- _What needs to be done_:
Nothing past the line containing "set g := Pi a b kab.-1." belongs in the output. Copy exactly every line of the data below from the first up to and including it.

Stored data:
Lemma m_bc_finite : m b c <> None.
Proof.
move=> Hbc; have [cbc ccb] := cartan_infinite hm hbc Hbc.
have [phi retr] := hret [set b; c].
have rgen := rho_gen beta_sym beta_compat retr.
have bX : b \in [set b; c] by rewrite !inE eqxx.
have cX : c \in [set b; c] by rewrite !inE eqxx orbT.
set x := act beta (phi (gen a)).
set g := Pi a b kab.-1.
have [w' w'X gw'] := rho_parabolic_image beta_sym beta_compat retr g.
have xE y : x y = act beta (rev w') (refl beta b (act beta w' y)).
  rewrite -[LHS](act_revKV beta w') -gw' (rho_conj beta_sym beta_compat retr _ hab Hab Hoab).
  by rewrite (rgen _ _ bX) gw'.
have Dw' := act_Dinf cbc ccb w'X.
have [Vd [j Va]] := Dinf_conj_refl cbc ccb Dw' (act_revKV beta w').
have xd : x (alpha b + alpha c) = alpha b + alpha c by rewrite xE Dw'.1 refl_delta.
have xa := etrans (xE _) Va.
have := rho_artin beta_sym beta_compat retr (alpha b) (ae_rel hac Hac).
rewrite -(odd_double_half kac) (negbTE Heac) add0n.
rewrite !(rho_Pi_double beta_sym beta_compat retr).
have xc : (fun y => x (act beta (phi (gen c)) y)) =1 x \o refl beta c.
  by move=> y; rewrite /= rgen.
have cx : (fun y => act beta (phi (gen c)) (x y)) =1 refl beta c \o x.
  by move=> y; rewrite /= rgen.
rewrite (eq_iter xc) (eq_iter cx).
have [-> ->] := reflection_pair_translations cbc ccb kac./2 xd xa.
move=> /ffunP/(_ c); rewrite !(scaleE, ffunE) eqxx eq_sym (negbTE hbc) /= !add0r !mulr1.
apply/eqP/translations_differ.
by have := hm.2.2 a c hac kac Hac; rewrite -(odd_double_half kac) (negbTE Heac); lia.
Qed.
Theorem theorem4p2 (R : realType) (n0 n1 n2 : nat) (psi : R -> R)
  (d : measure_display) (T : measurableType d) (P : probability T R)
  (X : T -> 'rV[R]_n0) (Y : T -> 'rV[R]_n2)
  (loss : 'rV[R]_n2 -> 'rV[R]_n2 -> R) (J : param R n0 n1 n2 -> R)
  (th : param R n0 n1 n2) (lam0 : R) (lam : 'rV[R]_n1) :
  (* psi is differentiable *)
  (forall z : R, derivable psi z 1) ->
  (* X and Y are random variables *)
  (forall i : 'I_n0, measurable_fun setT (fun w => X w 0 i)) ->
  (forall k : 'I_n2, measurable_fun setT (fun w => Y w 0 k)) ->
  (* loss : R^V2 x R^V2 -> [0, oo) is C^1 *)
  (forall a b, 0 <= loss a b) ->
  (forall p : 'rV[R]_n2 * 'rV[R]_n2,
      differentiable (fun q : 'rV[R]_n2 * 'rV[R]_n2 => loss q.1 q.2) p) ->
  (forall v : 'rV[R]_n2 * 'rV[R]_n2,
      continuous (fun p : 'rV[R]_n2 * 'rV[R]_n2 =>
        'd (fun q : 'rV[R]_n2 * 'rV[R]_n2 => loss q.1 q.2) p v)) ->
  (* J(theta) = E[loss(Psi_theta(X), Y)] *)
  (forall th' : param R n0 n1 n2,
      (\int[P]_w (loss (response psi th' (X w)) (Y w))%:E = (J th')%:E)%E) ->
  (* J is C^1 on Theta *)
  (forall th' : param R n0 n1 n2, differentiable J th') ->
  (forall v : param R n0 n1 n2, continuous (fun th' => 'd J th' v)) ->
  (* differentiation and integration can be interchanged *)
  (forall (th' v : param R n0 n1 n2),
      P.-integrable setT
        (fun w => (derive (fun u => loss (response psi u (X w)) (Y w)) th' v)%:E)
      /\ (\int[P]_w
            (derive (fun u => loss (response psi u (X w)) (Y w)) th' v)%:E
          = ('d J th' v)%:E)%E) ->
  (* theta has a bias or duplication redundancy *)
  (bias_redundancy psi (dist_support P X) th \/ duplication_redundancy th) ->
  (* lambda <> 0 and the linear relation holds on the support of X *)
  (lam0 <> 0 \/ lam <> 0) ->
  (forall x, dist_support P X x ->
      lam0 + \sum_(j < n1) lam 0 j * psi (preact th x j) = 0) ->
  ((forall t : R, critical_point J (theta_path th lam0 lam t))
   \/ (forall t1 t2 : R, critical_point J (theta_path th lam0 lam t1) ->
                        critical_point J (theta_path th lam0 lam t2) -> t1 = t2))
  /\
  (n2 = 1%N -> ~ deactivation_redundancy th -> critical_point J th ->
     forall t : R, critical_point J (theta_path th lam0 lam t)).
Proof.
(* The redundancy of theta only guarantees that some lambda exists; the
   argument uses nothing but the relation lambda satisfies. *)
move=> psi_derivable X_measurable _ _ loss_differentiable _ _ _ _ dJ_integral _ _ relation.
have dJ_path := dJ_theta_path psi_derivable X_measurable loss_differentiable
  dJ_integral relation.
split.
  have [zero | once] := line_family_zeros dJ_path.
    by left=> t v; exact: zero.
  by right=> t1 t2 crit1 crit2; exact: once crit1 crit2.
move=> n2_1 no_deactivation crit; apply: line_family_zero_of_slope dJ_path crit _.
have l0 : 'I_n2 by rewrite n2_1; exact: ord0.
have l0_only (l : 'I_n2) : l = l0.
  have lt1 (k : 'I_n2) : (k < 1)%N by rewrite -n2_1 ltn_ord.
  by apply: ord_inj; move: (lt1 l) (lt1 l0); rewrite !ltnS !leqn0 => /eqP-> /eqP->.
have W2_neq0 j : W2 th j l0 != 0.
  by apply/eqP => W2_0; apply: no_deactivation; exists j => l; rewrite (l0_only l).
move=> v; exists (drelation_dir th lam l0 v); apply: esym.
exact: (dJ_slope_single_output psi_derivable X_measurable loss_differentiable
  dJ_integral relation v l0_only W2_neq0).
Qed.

- _Response area_:
Lemma m_bc_finite : m b c <> None.
Proof.
move=> Hbc; have [cbc ccb] := cartan_infinite hm hbc Hbc.
have [phi retr] := hret [set b; c].
have rgen := rho_gen beta_sym beta_compat retr.
have bX : b \in [set b; c] by rewrite !inE eqxx.
have cX : c \in [set b; c] by rewrite !inE eqxx orbT.
set x := act beta (phi (gen a)).
set g := Pi a b kab.-1.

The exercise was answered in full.